Yastrzhembsky’s analysis was perfectly realistic and quite correct. The country was run by a comprador regime (though Yeltsin’s aide naturally did not use any such term). Western, mostly American, advisors were cozily ensconced in all the ministries and corporations, getting enormous salaries and doing themselves proud on the side using insider information (those scandals erupted somewhat later). This situation caused ever greater resentment both in the people and a certain part of Russia’s elite. And there came Prof. Yanov proposing to replace this cozy comprador regime with an openly occupational one.

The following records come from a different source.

(* A game in G_[n;kappa]: players 'I_n (player j+1 of the paper is j),
   strategies 'I_kappa (strategy s+1 of the paper is s, identified with
   delta_kappa^{s+1} = delta_mx s 0), payoffs c i x for a profile x. *)
Definition game (R : Type) (n kappa : nat) := 'I_n -> ('I_n -> 'I_kappa) -> R.

Definition sgn {R : pzRingType} {n : nat} (s : 'S_n) : R := (-1) ^+ odd_perm s.

Definition skew_symmetric {R : pzRingType} {n kappa : nat} (c : game R n kappa) :=
  forall (s : 'S_n) (i : 'I_n) (x : 'I_n -> 'I_kappa),
    c i x = sgn s * c (s i) (fun j => x ((s^-1)%g j)).

(* strategy vector delta_kappa^{x j + 1} for player j (0 for out-of-range j) *)
Definition strat_vec {R : pzRingType} {n kappa : nat} (x : 'I_n -> 'I_kappa)
  (j : nat) : 'cV[R]_kappa :=
  match insub j with Some j' => delta_mx (x j') 0 | None => 0 end.

(* x_1 ⋉ x_2 ⋉ ... ⋉ x_l  (on column vectors ⋉ is the Kronecker product) *)
Fixpoint kron_prefix {R : pzRingType} {kappa : nat} (v : nat -> 'cV[R]_kappa)
  (l : nat) : 'cV[R]_(kappa ^ l) :=
  match l with
  | 0 => castmx (esym (expn0 kappa), erefl) (1%:M : 'M[R]_1)
  | l'.+1 => castmx (esym (expnSr kappa l'), muln1 1)
               (kron_prefix v l' *t v l')
  end.
(** * Sequents: antecedent is a multiset, represented by a list; every rule
    conclusion is taken up to permutation of the antecedent.  The succedent
    Δ with |Δ| ≤ 1 is an [option form]. *)

Definition big_and (G : list form) : form :=
  match G with
  | [] => Top
  | a :: l => fold_left And l a
  end.

Definition big_or (D : option form) : form :=
  match D with None => Bot | Some a => a end.

Definition iota (G : list form) (D : option form) : form :=
  match G with
  | [] => big_or D
  | _ :: _ => Imp (big_and G) (big_or D)
  end.

Definition boxes (B : list (form * form)) : list form :=
  map (fun p => BoxArr (fst p) (snd p)) B.
Definition sigmas (B : list (form * form)) : list form := map snd B.

Inductive sderiv (L : logic) : list form -> option form -> Prop :=
| s_init G p G' :
    Permutation G' (Var p :: G) -> sderiv L G' (Some (Var p))
| s_botL G D G' :
    Permutation G' (Bot :: G) -> sderiv L G' D
| s_andL G a b D G' :
    sderiv L (a :: b :: G) D ->
    Permutation G' (And a b :: G) -> sderiv L G' D
| s_andR G a b :
    sderiv L G (Some a) -> sderiv L G (Some b) -> sderiv L G (Some (And a b))
| s_orL G a b D G' :
    sderiv L (a :: G) D -> sderiv L (b :: G) D ->
    Permutation G' (Or a b :: G) -> sderiv L G' D
| s_orR1 G a b : sderiv L G (Some a) -> sderiv L G (Some (Or a b))
| s_orR2 G a b : sderiv L G (Some b) -> sderiv L G (Some (Or a b))
| s_impR G a b : sderiv L (a :: G) (Some b) -> sderiv L G (Some (Imp a b))
| s_impL G a b D G' :
    sderiv L (Imp a b :: G) (Some a) -> sderiv L (b :: G) D ->
    Permutation G' (Imp a b :: G) -> sderiv L G' D
| s_box G B a b G' :
    has_id L = false ->
    (forall r s, In (r, s) B -> sderiv L [a] (Some r) /\ sderiv L [r] (Some a)) ->
    sderiv L (sigmas B) (Some b) ->
    Permutation G' (G ++ boxes B) -> sderiv L G' (Some (BoxArr a b))
| s_dia G B a b e t G' :
    has_id L = false ->
    (forall r s, In (r, s) B -> sderiv L [a] (Some r) /\ sderiv L [r] (Some a)) ->
    sderiv L [a] (Some e) -> sderiv L [e] (Some a) ->
    sderiv L (sigmas B ++ [b]) (Some t) ->
    Permutation G' (G ++ boxes B ++ [DiaArr a b]) -> sderiv L G' (Some (DiaArr e t))
| s_boxdia G B a b D G' :
    has_id L = false ->
    (forall r s, In (r, s) B -> sderiv L [a] (Some r) /\ sderiv L [r] (Some a)) ->
    sderiv L (sigmas B ++ [b]) None ->
    Permutation G' (G ++ boxes B ++ [DiaArr a b]) -> sderiv L G' D
| s_box_id G B a b G' :
    has_id L = true ->
    (forall r s, In (r, s) B -> sderiv L [a] (Some r) /\ sderiv L [r] (Some a)) ->
    sderiv L (sigmas B ++ [a]) (Some b) ->
    Permutation G' (G ++ boxes B) -> sderiv L G' (Some (BoxArr a b))
| s_dia_id G B a b e t G' :
    has_id L = true ->
    (forall r s, In (r, s) B -> sderiv L [a] (Some r) /\ sderiv L [r] (Some a)) ->
    sderiv L [a] (Some e) -> sderiv L [e] (Some a) ->
    sderiv L (sigmas B ++ [a; b]) (Some t) ->
    Permutation G' (G ++ boxes B ++ [DiaArr a b]) -> sderiv L G' (Some (DiaArr e t))
| s_boxdia_id G B a b D G' :
    has_id L = true ->
    (forall r s, In (r, s) B -> sderiv L [a] (Some r) /\ sderiv L [r] (Some a)) ->
    sderiv L (sigmas B ++ [a; b]) None ->
    Permutation G' (G ++ boxes B ++ [DiaArr a b]) -> sderiv L G' D
| s_mp_box G a b D G' :
    has_mp L = true ->
    sderiv L (BoxArr a b :: G) (Some a) ->
    sderiv L (BoxArr a b :: b :: G) D ->
    Permutation G' (BoxArr a b :: G) -> sderiv L G' D
| s_mp_dia G a b :
    has_mp L = true ->
    sderiv L G (Some a) -> sderiv L G (Some b) -> sderiv L G (Some (DiaArr a b)).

Apart from its provocative effect, such a move would entail the need for the ruling elite to share power and wealth with the “Varangians,” and that in a clearly formalized manner, not just in the secret corners of the bureaucracy and business invisible to the populace. No wonder the scheme for setting up an external administration for “Weimar Russia” was rejected.

That was how Yanov’s plan for politically controlling Russia flopped in 1997, and one can be quite sure that these days no one will dare propose anything like that. In the past decade or so, the Russian people has once again proved its ability to shape its own destiny and remain a sovereign, independent player in the historical arena. This is an empirical fact, not wooly, phobia-driven speculations about the “paternalistic,” “slavish,” etc. nature of this people. My people.